Entre l’existant insupportable, le passé douloureux de sinistré et la quête d’un mieux-être auquel ils aspirent tous, les recasés des zones inondées de la commune de Grand-Yoff ne savent pas par où commencer l’histoire d’une vie, leur vie. Laquelle a basculé le 26 août dernier, lors des fortes pluies qui se sont abattues sur Dakar et sa banlieue.

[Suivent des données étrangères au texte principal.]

Lemma sum_noise_weight (P : {set T}) :
  \sum_(F : {set T} | F \subset P) noise_weight P F = 1.
Proof.
pose f x := if x \in P then p else 0.
pose g x := if x \in P then 1 - p else 1.
have := @bigA_distr R 0 1 *%R +%R _ f g.
rewrite big1 => [->|x _]; last by rewrite /f /g /=; case: ifP; rewrite ?subrKC ?add0r.
rewrite big_mkcond; apply: eq_big => // F _.
have [FP|/subsetPn[x xF xNP]] := boolP (F \subset P); last first.
  by rewrite (bigD1 x) //= xF /f (negbTE xNP) mul0r.
rewrite (eq_bigr (fun x => (if x \in F then p else 1) *
                           (if x \in P :\: F then 1 - p else 1))); last first.
  move=> x _; rewrite /f /g in_setD.
  by have [xF|] := boolP (x \in F); [rewrite (subsetP FP) ?mulr1 | rewrite mul1r].
by rewrite big_split -!big_mkcond !prodr_const cardsD (setIidPr FP).
Qed.

Lemma noise_weightD1 (P F : {set T}) x : x \in P -> F \subset P ->
  noise_weight P F =
  noise_weight (P :\ x) (F :\ x) * (if x \in F then p else 1 - p).
Proof.
move=> xP FP; rewrite /noise_weight (cardsD1 x F) (cardsD1 x P) xP.
have : (#|F :\ x| <= #|P :\ x|)%N by apply/subset_leq_card/setSD.
case: (x \in F) => /= le_FP.
  by rewrite subnDl add1n exprS; ring.
by rewrite add0n add1n subSn // exprS; ring.
Qed.

End NoiseWeight.

Lemma noise_weight_ge0 (R : numDomainType) (T : finType) (p : R) (P F : {set T}) :
  0 <= p <= 1 -> 0 <= noise_weight p P F.
Proof. by case/andP=> p_ge0 p_le1; rewrite mulr_ge0 ?exprn_ge0 ?subr_ge0. Qed.

Lemma noise_weight_toggle (R : realDomainType) (T : finType) (p : R)
    (P F G : {set T}) x :
  0 <= p -> p <= 1 - p -> x \in P -> F \subset P -> G \subset P ->
  #|G :\ x| = #|F :\ x| -> (x \in G) = (x \notin F) ->
  p * noise_weight p P F <= noise_weight p P G.
Proof.
move=> p_ge0 p_le xP FP GP cardGF xGF.
rewrite (noise_weightD1 _ xP FP) (noise_weightD1 _ xP GP) xGF.
have -> : noise_weight p (P :\ x) (G :\ x) = noise_weight p (P :\ x) (F :\ x)
  by rewrite /noise_weight cardGF.
have : 0 <= noise_weight p (P :\ x) (F :\ x) by apply: noise_weight_ge0; lra.
move: (noise_weight _ _ _) => B B_ge0.
have pp_le : p * p <= 1 - p by nra.
by case: (x \in F) => /=; nra.
Qed.

Lemma tperm_eqL (T : finType) (x y w : T) : (tperm x y w == y) = (w == x).
Proof. by rewrite -[X in _ == X](tpermL x y) (inj_eq perm_inj). Qed.

Lemma tperm_eqR (T : finType) (x y w : T) : (tperm x y w == x) = (w == y).
Proof. by rewrite -[X in _ == X](tpermR x y) (inj_eq perm_inj). Qed.

Section AdjacentSwap.
Variables (n : nat) (i j : 'I_n).
Hypothesis j_succ : (j : nat) = i.+1.
Local Notation t := (tperm i j).

Lemma tperm_adj_val u :
  (t u : nat) = if u == i then j else if u == j then i else u.
Proof.
have ji : (j == i) = false by rewrite -val_eqE /= j_succ gtn_eqF.
by case: tpermP => [->|->|/eqP/negbTE-> /eqP/negbTE->]; rewrite ?eqxx ?ji.
Qed.

Lemma tperm_adj_ltE (u v : 'I_n) :
  ~~ ((u == i) && (v == j)) -> ~~ ((u == j) && (v == i)) ->
  (t u < t v)%N = (u < v)%N.
Proof.
rewrite !tperm_adj_val -!val_eqE /=.
by do 4?case: eqP => /=; lia.
Qed.

(* [swap_noise F] is the noise set under which the instance [s * t] reports
   every comparison exactly as [s] does under [F]: the coin of (i, j) is
   toggled and every other coin is moved along [t]. *)
Definition relabel (x : 'I_n * 'I_n) : 'I_n * 'I_n :=
  if (x == (i, j)) || (x == (j, i)) then x else (t x.1, t x.2).

Definition swap_noise (F : {set 'I_n * 'I_n}) : {set 'I_n * 'I_n} :=
  [set x | (relabel x \in F) (+) (x == (i, j))].

Lemma relabel_tperm u v : ~~ ((u == i) && (v == j)) -> ~~ ((u == j) && (v == i)) ->
  relabel (t u, t v) = (u, v).
Proof.
rewrite /relabel !xpair_eqE /= !tperm_eqL !tperm_eqR => /negbTE-> /negbTE->.
by rewrite !tpermK.
Qed.

Lemma relabelK : involutive relabel.
Proof.
case=> u v; rewrite {2}/relabel; case: ifP => [uv_adj|/norP[uv_ij uv_ji]].
  by rewrite /relabel uv_adj.
by rewrite !xpair_eqE in uv_ij uv_ji; apply: relabel_tperm.
Qed.

Lemma relabel_eq_adj x : (relabel x == (i, j)) = (x == (i, j)).
Proof.
case: x => u v; rewrite /relabel; case: ifP => // /norP[uv_ij uv_ji].
rewrite !xpair_eqE /= !tperm_eqL !tperm_eqR in uv_ij uv_ji *.
by rewrite (negbTE uv_ij) (negbTE uv_ji).
Qed.

Lemma relabel_pairs x : (relabel x \in pairs n) = (x \in pairs n).
Proof.
case: x => u v; rewrite /relabel; case: ifP => // /norP[].
by rewrite !inE !xpair_eqE /= => uv_ij uv_ji; rewrite tperm_adj_ltE.
Qed.

Lemma swap_noiseK : involutive swap_noise.
Proof.
move=> F; apply/setP => x; rewrite !inE relabelK relabel_eq_adj.
by case: (x == (i, j)); rewrite ?addbT ?negbK ?addbF.
Qed.

Lemma adj_in_swap_noise F : ((i, j) \in swap_noise F) = ((i, j) \notin F).
Proof. by rewrite inE eqxx /relabel eqxx addbT. Qed.

Lemma swap_noise_sub_pairs F : (swap_noise F \subset pairs n) = (F \subset pairs n).
Proof.
suff sub_pairs (G : {set 'I_n * 'I_n}) : G \subset pairs n -> swap_noise G \subset pairs n.
  by apply/idP/idP => /sub_pairs //; rewrite swap_noiseK.
move=> /subsetP G_pairs; apply/subsetP => x; rewrite inE.
have [-> _|_] := eqVneq x (i, j); first by rewrite inE /= j_succ.
by rewrite addbF -relabel_pairs => /G_pairs.
Qed.

Lemma card_swap_noiseD1 F : #|swap_noise F :\ (i, j)| = #|F :\ (i, j)|.
Proof.
have -> : swap_noise F :\ (i, j) = relabel @^-1: (F :\ (i, j)).
  apply/setP => x; rewrite !inE relabel_eq_adj.
  by case: (x == (i, j)); rewrite ?addbF.
by rewrite card_preimset //; apply: (can_inj relabelK).
Qed.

Abus sexuels, promiscuité, séparation de corps forcée… : Le quotidien difficile des sinistrés de Grand-Yoff
Au Cem des Hlm Grand-Yoff, Yolande Nango, 41 ans, et Diminga Danfa, 29 ans, n’ont plus en tête la date exacte de leur arrivée sur ce site de recasement des sinistrés, tellement les évènements sont douloureux et la souffrance terrible chez ces deux femmes mariées. «Seul Dieu sait ce qui nous est arrivé. Il a longtemps plu sur Dakar, mais ce jour-là, l’eau est venue d’un seul coup, emportant tout sur son passage, et notre maison n’a pas été épargnée, je ne me souviens plus de la date, c’était cette fameuse matinée pluvieuse», répètent nos deux interlocutrices qui habitaient le quartier non loti de Arafat avant le sinistre. Sur le lieu accidenté où nous nous sommes rendus, l’effondrement du pan d’un vieux bâtiment situé sur une pente de plusieurs dizaines de mètres a été à l’origine de la détresse de 120 familles déguerpies en catastrophe, selon les estimations de la Croix-Rouge. La bâtisse qui a longtemps dévié les vagues houleuses des eaux de ruissellement vers la route qui traverse la station Shell d’à côté n’a pas tenu cette année. La zone où étaient construites des habitations de fortune est, en effet, le point de chute de toutes les eaux pluviales que les quartiers de la Foire, Scat Urban, Liberté VI, Cité Keur Khadim etc..., peuvent enregistrer entre juillet et octobre.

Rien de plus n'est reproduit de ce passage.